The Hancock County Area Plan Commission on Oct. 23 unanimously approved the trails plan after a public hearing on the issue, where more than 120 people came out to discuss the plan. The commission removed a section of a Pennsy-style multi-use trail from the plan along County Road 600N, between McCordsville and County Road 200W, after hearing property owner complaints.

A committee and paid consultants have been working on the revised trails plan since late 2017.

Gary Pool, county engineer, told the Hancock County Commissioners this week that several property owners concerned about the trails plan contacted him over the past week, many saying they’re afraid the county will take away their land to build trails. That’s not true, he said, since the plan is simply a vision and not a blueprint to seize people’s property. The trails plan is an update to a 2012 plan.

Pool said even though he’s in favor of having a trails plan, he advised the commissioners to not adopt the revision next week as scheduled. The plan had suffered a poorly informed public relations campaign online, Pool said.

“We’ve missed something locally,” he added.

After last week’s meeting, Pool said, many people incorrectly posted on Facebook that the plan would allow the county to take away property to build the suggested trails, including a proposed expansion of the Pennsy Trail. The county would work with property owners if officials ever pursue adding trails, he said.

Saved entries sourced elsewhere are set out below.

(* (1) For $2\le j\le d$, $m\in\mathbb Z$ and $n\in\mathbb Z_{\ge0}$, $v^{1j}(m,n)M_r^{(1)}=\{0\}$. (2) For $2\le i\le j\le d$ and $m,n\in\mathbb Z$ such that $v^{ij}(m,n)\in\mathcal B_+$, $v^{ij}(m,n)M_r^{(1)}=\{0\}$.
   Context: Fix an integer $d\ge 2$ and $r\in\mathbb{C}$. Let $\hat{\mathfrak h}$ be the complex Lie algebra with basis $\{v^i(m)\mid 1\le i\le d,\ m\in\mathbb{Z}\}\cup\{\mathbf c\}$ and bracket $[v^i(m),v^j(n)]=\delta_{m+n,0}\delta_{i,j}\,m\,\mathbf c$, $[\mathbf c,\hat{\mathfrak h}]=0$. In $A=U(\hat{\mathfrak h})/\langle \mathbf c-1\rangle$ let $v^{ij}(m,n)$ be the image of $v^i(m)v^j(n)$; then $v^{ij}(m,n)=v^{ji}(n,m)$ unless $i=j$ and $m=-n$, and $v^{ii}(m,-m)=v^{ii}(-m,m)+m$. Let $\mathcal B=\{v^{ii}(m,n)\mid 1\le i\le d,\ m\le n\}\cup\{v^{ij}(m,n)\mid 1\le i<j\le d,\ m,n\in\mathbb Z\}$; then $\mathcal B\cup\{1\}$ is linearly independent, $\mathcal L:=\mathrm{span}_{\mathbb C}\mathcal B\oplus\mathbb C\subset A$ contains every $v^{ij}(m,n)$ and is closed under $[x,y]=xy-yx$. With $\pi_1,\pi_2$ the projections of $\mathcal L$ onto $\mathrm{span}\,\mathcal B$ and onto $\mathbb C$, $[x,y]_r=\pi_1([x,y])+r\pi_2([x,y])$ is a Lie bracket on $\mathcal L$; call this Lie algebra $\mathcal L_r$. Let $\mathcal B_+=\{v^{ij}(m,n)\in\mathcal B\mid m\ge 0\text{ or }n\ge 0\}$, $\mathcal L_r^+=\mathrm{span}\,\mathcal B_+\oplus\mathbb C$, and $M_r=U(\mathcal L_r)\otimes_{U(\mathcal L_r^+)}\mathbb C\mathbf 1$, where $\mathcal B_+$ acts by $0$ on $\mathbf 1$ and $s\in\mathbb C\subset\mathcal L_r$ acts by the scalar $s$. Let $\mathcal L_r^{(1)}$ be the Lie subalgebra of $\mathcal L_r$ generated by $\{v^{11}(m,n)\mid m,n\in\mathbb Z,\ m\le n\}$ and $M_r^{(1)}=U(\mathcal L_r^{(1)})\mathbf 1\subset M_r$. *)

From HB Require Import structures.
From mathcomp Require Import all_boot all_order all_algebra.
From mathcomp Require Import Rstruct complex.
From mathcomp Require Import finmap monalg.
(* ($q$-Genocchi triangle) Let $q$ be a nonzero real number with $q\neq-1$. Define numbers $b(m,k)=b(m,k,q)$ as follows: $b(0,1)=1$; $b(2n+1,0)=0$ for all $n\ge0$; $b(2n,n+1)=0$ for all $n\ge1$; for $n\ge0$ and $1\le k\le n+1$, $$b(2n+1,k)=q^{2k-2}b(2n+1,k-1)+(1+q^{2k-1})b(2n,k);$$ and for $n\ge1$ and $1\le k\le n$, $$b(2n,k)=q^{1-2k}\big(b(2n,k+1)+(1+q^{2k})b(2n-1,k)\big).$$ (In particular $b(1,1)=1+q$.) Then for every $n\ge1$, $$b(2n-1,n)=\lambda\big((-1)^{n-1}U_{2n-1}(1,s,q)\big)=(-q;q)_{2n-1}\,G_{2n}(q).$$
   Context: $U_{-1}=0$, $U_0=1$, $U_n(x,s,q)=(1+q^{n})x\,U_{n-1}(x,s,q)+q^{n-1}s\,U_{n-2}(x,s,q)$ for $n\ge1$. Since $U_{2n}(1,s,q)$ is a polynomial in $s$ of degree $n$, the polynomials $U_{2n}(1,s,q)$, $n\ge0$, form a basis of the polynomials in $s$; $\lambda$ is the linear functional on polynomials in $s$ with $\lambda(U_{2n}(1,s,q))=[n=0]$. Notation: $[m]=1+q+\cdots+q^{m-1}$, $[m]!=[1]\cdots[m]$; $(-q;q)_m=(1+q)(1+q^2)\cdots(1+q^m)$. With $e(z)=\sum_{m\ge0}z^m/[m]!$, the $q$-Genocchi numbers $G_{2m}(q)$, $m\ge1$, are defined by $z\frac{e(z)-e(-z)}{e(z)+e(-z)}=\sum_{m\ge1}\frac{(-1)^{m-1}G_{2m}(q)(-q;q)_{2m-1}}{[2m]!}z^{2m}$. *)

From HB Require Import structures.
From mathcomp Require Import all_boot all_order all_algebra.
Set Implicit Arguments. Unset Strict Implicit. Unset Printing Implicit Defensive.
Import Order.TTheory GRing.Theory Num.Theory.
Local Open Scope ring_scope.

(* Formal power series in z are coefficient sequences nat -> R;
   polynomials in s are {poly R} (s = 'X). *)

Definition qint (R : nzRingType) (q : R) (m : nat) : R := \sum_(i < m) q ^+ i.
Definition qfact (R : nzRingType) (q : R) (m : nat) : R :=
  \prod_(1 <= i < m.+1) qint q i.
Definition qpochneg (R : nzRingType) (q : R) (m : nat) : R :=
  \prod_(1 <= i < m.+1) (1 + q ^+ i).
Lemma count_lt_subpred (T : eqType) (a b : pred T) (s : seq T) x :
  subpred a b -> x \in s -> b x -> ~~ a x -> count a s < count b s.
Proof.
move=> sub_ab; elim: s => //= y s IHs; rewrite inE => /orP[/eqP <-|xs] bx ax.
  by rewrite (negbTE ax) bx add0n add1n ltnS; apply: sub_count.
rewrite -addnS; apply: leq_add; last exact: IHs.
by case ay: (a y) => //; rewrite (sub_ab y ay).
Qed.

Section Finitary.
Variables (n : nat) (P : (X n -> X n) -> Prop).
Hypotheses (subP : is_subgroup P) (Pswap : forall x y, P (swap x y)).

Lemma subgroup_finitary Z g :
  bijective g -> (forall x, Z <= x.2 -> g x = x) -> P g.
Proof.
pose moved (g : X n -> X n) := count (fun x => g x != x) (low_points n Z).
have [k] := ubnP (moved g); elim: k g => // k IHk g lt_k bg fixg.
have [/hasP[x] | /hasPn fixL] := boolP (has (fun x => g x != x) (low_points n Z)); last first.
  apply: (subgroup_eqfun subP (subgroup1 subP)) => x /=; apply/esym.
  have [xZ|] := ltnP x.2 Z; last exact: fixg.
  by apply/eqP; rewrite -[_ == _]negbK fixL // mem_low_points.
rewrite mem_low_points => xZ gx.
have ginj := bij_inj bg.
have gxZ : (g x).2 < Z.
  by rewrite ltnNge; apply/negP => /fixg /ginj gxx; rewrite gxx eqxx in gx.
pose g' := swap x (g x) \o g.
have moved_g' y : g y = y -> g' y = y.
  move=> gy; rewrite /g' /= gy swapD //; apply/eqP => yE.
    by rewrite -yE gy eqxx in gx.
  by move/ginj: (etrans gy yE) => yx; rewrite -yx gy eqxx in gx.
have Pg' : P g'.
  apply: IHk.
  - rewrite -ltnS; apply: leq_trans lt_k.
    apply: (@count_lt_subpred _ _ _ _ x); rewrite ?mem_low_points //.
      by move=> y; apply: contraNN => /eqP /moved_g' ->.
    by rewrite /g' /= swapR eqxx.
  - by apply: bij_comp => //; exists (swap x (g x)); apply: swapK.
  - by move=> y yZ; rewrite moved_g' ?fixg.
apply: (subgroup_eqfun subP (subgroupM subP (Pswap x (g x)) Pg')) => y.
exact: swapK.
Qed.

End Finitary.

(* Pigeonhole below level K := Z + d: the images of the low points stay low,
   and so do the images of the d points (ord0, K + i), i < d. *)
Lemma not_injective_ray_compression n (g : X n.+1 -> X n.+1) Z d :
  injective g -> 0 < d ->
  (forall m, Z <= m -> g (ord0, m + d) = (ord0, m)) ->
  (forall j m, j != ord0 -> Z <= m -> g (j, m) = (j, m)) -> False.
Proof.
move=> ginj d_gt0 g0 gj; pose K := Z + d.
pose top := [seq (ord0, Z + i) | i <- iota 0 d] : seq (X n.+1).
have gL x : x \in low_points n.+1 K -> g x \in low_points n.+1 K.
  rewrite !mem_low_points => xK; rewrite ltnNge; apply/negP.
  case E: (g x) => [i M] /= KM; have ZM : Z <= M by lia.
  have [i0|i0] := eqVneq i ord0.
    have /ginj ex : g (ord0, M + d) = g x by rewrite E g0 // i0.
    by move: xK; rewrite -ex /= /K; lia.
  have /ginj ex : g (i, M) = g x by rewrite E gj.
  by move: xK; rewrite -ex /= /K; lia.
have U : uniq (map g (low_points n.+1 K) ++ top).
  rewrite cat_uniq (map_inj_uniq ginj) low_points_uniq /=; apply/andP; split.
    apply/hasPn => y /mapP[i]; rewrite mem_iota add0n => lt_id ->.
    apply/mapP => -[x xL]; rewrite -g0 ?leq_addr // => /ginj ex.
    by move: xL; rewrite mem_low_points -ex /= /K; lia.
  by rewrite map_inj_uniq ?iota_uniq // => a b [] /addnI.
have S : {subset map g (low_points n.+1 K) ++ top <= low_points n.+1 K}.
  move=> y; rewrite mem_cat => /orP[/mapP[x xL ->]|]; first exact: gL.
  move=> /mapP[i]; rewrite mem_iota mem_low_points => /andP[_ lt_id] -> /=.
  by rewrite /K; lia.
by have := uniq_leq_size U S; rewrite size_cat !size_map size_iota size_low_points; lia.
Qed.

Lemma eventually_translates_max n (g : X n -> X n) z t :
  eventually_translates g z t -> eventually_translates g (fun=> \max_i z i) t.
Proof. by move=> gt i m /(leq_trans (leq_bigmax i)); apply: gt. Qed.

Lemma translation_ray0_eq0 n (g : X n.+1 -> X n.+1) Z t :
  bijective g -> eventually_translates g (fun=> Z) t ->
  (forall j, j != ord0 -> t j = 0%R) -> t ord0 = 0%R.
Proof.
move=> [g' gK g'K] gt tj.
have gj j m : j != ord0 -> Z <= m -> g (j, m) = (j, m).
  by move=> j0 Zm; apply: (eventually_translatesE gt Zm); rewrite tj ?addr0.
case E0: (t ord0) => [[|d]|d] //; exfalso.
- apply: (not_injective_ray_compression (g := g') (Z := Z) (d := d.+1) (can_inj g'K)) => //.
    move=> m Zm; apply: (can_inj gK); rewrite g'K; apply/esym.
    by apply: (eventually_translatesE gt Zm); rewrite E0; lia.
  by move=> j m j0 Zm; apply: (can_inj gK); rewrite g'K gj.
- apply: (not_injective_ray_compression (g := g) (Z := Z) (d := d.+1) (can_inj gK)) => //.
  move=> m Zm; apply: (eventually_translatesE gt (leq_trans Zm (leq_addr _ _))).
  by rewrite E0 NegzE; lia.
Qed.

Section TranslationsInSubgroup.
Variables (n : nat) (P : (X n.+2 -> X n.+2) -> Prop).
Hypotheses (subP : is_subgroup P) (Pswap : forall x y, P (swap x y)).
Hypothesis Pshift : forall j, j != ord0 -> P (shift j).

Lemma subgroup_translations_off_ray0 g z t :
  bijective g -> eventually_translates g z t ->
  (forall j, j != ord0 -> t j = 0%R) -> P g.
Proof.
move=> bg /eventually_translates_max gt tj.
have t0 := translation_ray0_eq0 bg gt tj.
apply: (subgroup_finitary subP Pswap bg (Z := \max_i z i)) => -[i m] /= Zm.
apply: (eventually_translatesE gt Zm).
by have [->|i0] := eqVneq i ord0; rewrite ?t0 ?tj ?addr0.
Qed.

Lemma subgroup_in_H g : in_H g -> P g.
Proof.
case=> bg [z [t gt]].
suff PH (s : seq 'I_n.+2) g' z' t' : bijective g' -> eventually_translates g' z' t' ->
    (forall j, j \notin s -> j != ord0 -> t' j = 0%R) -> P g'.
  by apply: (PH (enum 'I_n.+2) g z t) => // j; rewrite mem_enum.
elim: s g' z' t' => [|j s IHs] g' z' t' bg' gt' ts.
  by apply: (subgroup_translations_off_ray0 bg' gt') => j; apply: ts.
have [j0|j0] := eqVneq j ord0.
  by apply: (IHs _ _ _ bg' gt') => i si i0; rewrite ts // inE negb_or si andbT j0.
have Pg'' : P (shiftz j (- t' j)%R \o g').
  have gt'' := eventually_translates_comp gt' (eventually_translates_shiftz j0 (k := - t' j)).
  apply: (IHs _ _ _ (bij_comp (shiftz_bij j0 _) bg') gt'') => i si i0 /=.
  have [->|ij] := eqVneq i j; first by rewrite addrN.
  by rewrite (negbTE i0) addr0 ts // inE negb_or ij.
have Pj := subgroup_shiftz j0 (t' j) subP (Pshift j0).
apply: (subgroup_eqfun subP (subgroupM subP Pj Pg'')).
by move=> x /=; rewrite -{1}(opprK (t' j)) shiftzK.
Qed.

End TranslationsInSubgroup.

Lemma perm_actK n (s : 'S_n) : cancel (perm_act s) (perm_act s^-1%g).
Proof. by move=> [i m]; rewrite /perm_act /= permK. Qed.

Lemma perm_actKV n (s : 'S_n) : cancel (perm_act s^-1%g) (perm_act s).
Proof. by move=> [i m]; rewrite /perm_act /= permKV. Qed.

Section SwapsFromShifts.
Variables (n : nat) (P : (X n.+2 -> X n.+2) -> Prop).
Hypotheses (subP : is_subgroup P) (Pperm : forall s, P (perm_act s)).
Hypothesis Pshift : forall j, j != ord0 -> P (shift j).
Hypothesis Pswap01 : P (swap (ord0, 0) (ord_1, 0)).

Lemma subgroup_swap_origin j : j != ord0 -> P (swap (ord0, 0) (j, 0)).
Proof.
move=> j0.
have := subgroup_swapJ subP (Pperm (tperm ord_1 j)) (perm_actK _) (perm_actKV _) Pswap01.
by rewrite /perm_act /= tpermL tpermD // eq_sym.
Qed.

Lemma subgroup_swap_step i m : P (swap (i, m) (i, m.+1)).
Proof.
have [-> | i0] := eqVneq i ord0.
  have o10 : ord_1 != ord0 :> 'I_n.+2 by [].
  have Pu := subgroupV subP (Pshift o10) (shiftK o10) (unshiftK o10).
  have := subgroup_swapJ subP (subgroupX subP m.+1 Pu)
    (iter_cancel m.+1 (unshiftK o10)) (iter_cancel m.+1 (shiftK o10)) Pswap01.
  rewrite iter_unshift0 // iterSr /= iter_unshift0 // => Pswap.
  exact: (subgroup_eqfun subP Pswap (swapC _ _)).
have := subgroup_swapJ subP (subgroupX subP m.+1 (Pshift i0))
  (iter_cancel m.+1 (shiftK i0)) (iter_cancel m.+1 (unshiftK i0)) (subgroup_swap_origin i0).
by rewrite (iter_shiftj i0) iterSr /= iter_shiftj // !add0n.
Qed.

Lemma subgroup_swap_from_origin y : P (swap (ord0, 0) y).
Proof.
case: y => i m; elim: m => [|m IHm].
  have [-> | i0] := eqVneq i ord0; last exact: subgroup_swap_origin.
  by apply: (subgroup_eqfun subP (subgroup1 subP)) => z; rewrite swap1.
apply: (subgroup_swap_trans subP _ _ IHm (subgroup_swap_step i m)).
  by rewrite xpair_eqE andbF.
by rewrite xpair_eqE eqxx gtn_eqF.
Qed.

Pool said he doesn’t want the misinformation on the trails plan to derail progress made by Pennsy Trails of Hancock County in working with county landowners on the best locations for a possible expansion. The organization for years has wanted to connect the trail between Greenfield and Cumberland.

The idea to update the county trails plan began a few years ago when Hancock County’s seven municipalities received a $25,000 grant from the Hancock County Community Foundation and also a $75,000 match from multiple local organizations.

The consultants on the project, Indianapolis-based Butler, Fairman & Seufert Civil Engineers and Health by Design, an initiative of Indianapolis nonprofit Alliance for Health Promotion, as well as a committee of 43 local representatives held several public meetings about the plan in Hancock County communities.

From those meetings and more than 900 public comments in person or online, the design firms made changes to the plan, such as removing a proposed trail between County Roads 600N and 100N near Mohawk, said Alan Hamersly, a consultant with Butler, Fairman & Seufert.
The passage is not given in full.